Copy out each line of the data holding "move".

>>>>

Lemma mu_subst (w : 'I_n -> W) u : mu (subst w u) = subst (mu \o w) (mu u).
Proof.
have [t [t_morph mu_t]] := mu_endo (subst_alg_morph w).
have t_subst : t =1 subst (mu \o w).
  apply: (alg_morph_eq t_morph (subst_alg_morph _)) => i.
  by have := mu_t (x_ i); rewrite /= mu_gen !subst_gen => <-.
by rewrite -t_subst; apply: mu_t.
Qed.

Lemma mu_subst_fixed (w : 'I_n -> W) u :
  (forall i, mu (w i) = w i) -> mu (subst w u) = subst w (mu u).
Proof. by move=> mu_w; rewrite mu_subst; apply: eq_subst. Qed.

Lemma mu0 : mu 0 = 0.
Proof. by have := mu_alg 0; rewrite scale0r. Qed.

Lemma mu_gen_to (j : 'I_n) (r : W) : mu r = r -> forall i, mu (gen_to j r i) = gen_to j r i.
Proof. by move=> mu_r i; rewrite /gen_to; case: eqP; rewrite ?mu0. Qed.

Hypothesis P_inf : infinite_type P.

Lemma mu_univariate (j : 'I_n) u : subst (gen_to j (x_ j)) u = u -> mu u = u.
Proof.
move=> u_j.
have to_poly_mu : to_poly j (mu u) = to_poly j u.
  apply: poly_infinite_eq P_inf _ => a; apply: (fmorph_inj (in_alg W)) => /=.
  rewrite -!horner_alg_scalar -!subst_gen_to -mu_subst_fixed; last exact/mu_gen_to/mu_alg.
  by rewrite subst_gen_to horner_alg_scalar mu_alg.
by rewrite -u_j mu_subst_fixed ?subst_gen_to ?to_poly_mu //; apply/mu_gen_to/mu_gen.
Qed.

Lemma mu_scale_gen j (c : P) : mu (c *: x_ j) = c *: x_ j.
Proof. by apply: (mu_univariate (j := j)); rewrite substZ subst_gen /gen_to eqxx. Qed.

Lemma mu_sqr_gen j : mu (x_ j * x_ j) = x_ j * x_ j.
Proof. by apply: (mu_univariate (j := j)); rewrite substM subst_gen /gen_to eqxx. Qed.

Lemma muZ (j : 'I_n) (c : P) u : mu (c *: u) = c *: mu u.
Proof.
have cxj_u : subst (gen_to j u) (c *: x_ j) = c *: u.
  by rewrite substZ subst_gen /gen_to eqxx.
by rewrite -{}cxj_u mu_subst mu_scale_gen substZ subst_gen /= /gen_to eqxx.
Qed.

Section TwoGenerators.
Variables (i0 i1 : 'I_n).
Hypothesis i01 : i0 != i1.

Local Notation m := (mu (x_ i0 * x_ i1)).
Local Notation pair_to := (pair_to i0 i1).

Definition alpha := m@_(FMonom [:: i0; i1]).
Definition beta := m@_(FMonom [:: i1; i0]).

Lemma mu_mul_subst u v : mu (u * v) = subst (pair_to (mu u) (mu v)) m.
Proof.
have uv : subst (pair_to u v) (x_ i0 * x_ i1) = u * v.
  by rewrite substM !subst_gen pair_to0 (pair_to1 i01).
rewrite -{}uv mu_subst; apply: eq_subst => i /=.
by rewrite /pair_to; case: eqP => _; last case: eqP => _; rewrite ?mu0.
Qed.

Lemma mu_gen_mul_bihomogeneous (a b : P) :
  subst (fun i => pair_to a b i *: x_ i) m = (a * b) *: m.
Proof.
have ab : subst (fun i => pair_to a b i *: x_ i) (x_ i0 * x_ i1) = (a * b) *: (x_ i0 * x_ i1).
  by rewrite substM !subst_gen pair_to0 (pair_to1 i01) -scalerAl -scalerAr scalerA.
by rewrite -(muZ i0) -{}ab mu_subst_fixed // => i; apply: mu_scale_gen.
Qed.

Lemma msupp_mu_gen_mul k : m@_k != 0 -> k = FMonom [:: i0; i1] \/ k = FMonom [:: i1; i0].
Proof.
move=> mk_neq0.
have prod_k (a b : P) : \prod_(i <- k) pair_to a b i = a * b.
  apply: (mulIf mk_neq0); have := congr1 (mcoeff k) (mu_gen_mul_bihomogeneous a b).
  by rewrite mcoeff_subst_scale mcoeffZ.
by case: k {mk_neq0} prod_k => s /= /(prod_pair_to_eq_mul i01 P_inf)[]->; [left | right].
Qed.

Lemma mu_gen_mulE : m = alpha *: (x_ i0 * x_ i1) + beta *: (x_ i1 * x_ i0).
Proof.
have words_neq : FMonom [:: i0; i1] != FMonom [:: i1; i0].
  by rewrite fmP /= eqseq_cons (negbTE i01).
by have := malg_supp2E words_neq msupp_mu_gen_mul; rewrite -!gen_mul2.
Qed.

Lemma mu_mul u v : mu (u * v) = alpha *: (mu u * mu v) + beta *: (mu v * mu u).
Proof.
rewrite mu_mul_subst {1}mu_gen_mulE substD.
by congr (_ + _); rewrite substZ substM !subst_gen pair_to0 (pair_to1 i01).
Qed.

Lemma mu_mul_or_antimul :
  (forall u v, mu (u * v) = mu u * mu v) \/ (forall u v, mu (u * v) = mu v * mu u).
Proof.
pose coef s : W -> P := mcoeff (FMonom s).
have coefZ s (c : P) u : coef s (c *: u) = c * coef s u := mcoeffZ c u _.
have i10 : (i1 == i0) = false by rewrite eq_sym (negbTE i01).
apply: (@skew_morph_cases P _ _ _ _ mu_mul).
- apply: (skew_morph_coef_sum mu_mul (coefZ [:: i0; i0]) (mu_gen i0) (mu_sqr_gen i0)).
  by rewrite /coef gen_mul2 mcoeff_word eqxx.
- apply: (skew_morph_coef_idem mu_mul (mcoeffD _) (coefZ [:: i0; i0; i1])
    (mu_gen i0) (mu_gen i1) (mu_sqr_gen i0));
  by rewrite /coef gen_mul3 mcoeff_word !eqseq_cons ?eqxx ?i10 ?(negbTE i01) ?andbF.
Qed.

End TwoGenerators.

End Conjugation.

Lemma fmonom0_eq1 (k : fmonom 'I_0) : k = mone.
Proof. by apply/eqP; rewrite fmP fm1; case: k => [[|[]]]. Qed.

Lemma alg_fixed_W0_id (P : fieldType) (mu : W P 0 -> W P 0) :
  (forall a : P, mu a%:A = a%:A) -> mu =1 id.
Proof. by move=> mu_alg u; rewrite [u](malg_trivial_monoid fmonom0_eq1) mu_alg. Qed.

Lemma conj_fixed_W1_id (P : fieldType) (mu : W P 1 -> W P 1) :
  (forall s, is_alg_endo s -> exists t, is_alg_endo t /\ mu \o s =1 t \o mu) ->
  (forall a : P, mu a%:A = a%:A) -> (forall i, mu (gen P i) = gen P i) ->
  infinite_type P -> mu =1 id.
Proof.
move=> mu_endo mu_alg mu_gen P_inf u.
apply: (mu_univariate mu_endo mu_alg mu_gen P_inf (j := 0)).
by rewrite -[RHS]subst_id; apply: eq_subst => i; rewrite ord1 /gen_to eqxx.
Qed.

Unset Implicit Arguments.

Theorem lemma4p2 (P : fieldType) (n : nat) (mu : W P n -> W P n) :
  infinite_type P ->
  bijective mu ->
  (* tau(s) = mu s mu^-1 maps End(W(X)) into End(W(X)) ... *)
  (forall s, is_alg_endo s -> exists t, is_alg_endo t /\ mu \o s =1 t \o mu) ->
  (* ... and onto End(W(X)) *)
  (forall t, is_alg_endo t -> exists s, is_alg_endo s /\ mu \o s =1 t \o mu) ->
  (forall a : P, mu (a%:A) = a%:A) ->
  (forall i : 'I_n, mu (gen P i) = gen P i) ->
  (forall u v : W P n, mu (u * v) = mu u * mu v) \/
  (forall u v : W P n, mu (u * v) = mu v * mu u).
Proof.
move=> P_inf _ mu_endo _ mu_alg mu_gen.
case: n mu mu_endo mu_alg mu_gen => [|[|n]] mu mu_endo mu_alg mu_gen.
- by left=> u v; rewrite !(alg_fixed_W0_id mu_alg).
- by left=> u v; rewrite !(conj_fixed_W1_id mu_endo mu_alg mu_gen P_inf).
- exact: (mu_mul_or_antimul mu_endo mu_alg mu_gen P_inf (i0 := ord0) (i1 := ord_max)).
Qed.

<<<<

:: RESPONSE BELOW ::
Proof. by move=> mu_w; rewrite mu_subst; apply: eq_subst. Qed.
Proof. by move=> mu_r i; rewrite /gen_to; case: eqP; rewrite ?mu0. Qed.
move=> u_j.
move=> mk_neq0.
Proof. by move=> mu_alg u; rewrite [u](malg_trivial_monoid fmonom0_eq1) mu_alg. Qed.
move=> mu_endo mu_alg mu_gen P_inf u.
move=> P_inf _ mu_endo _ mu_alg mu_gen.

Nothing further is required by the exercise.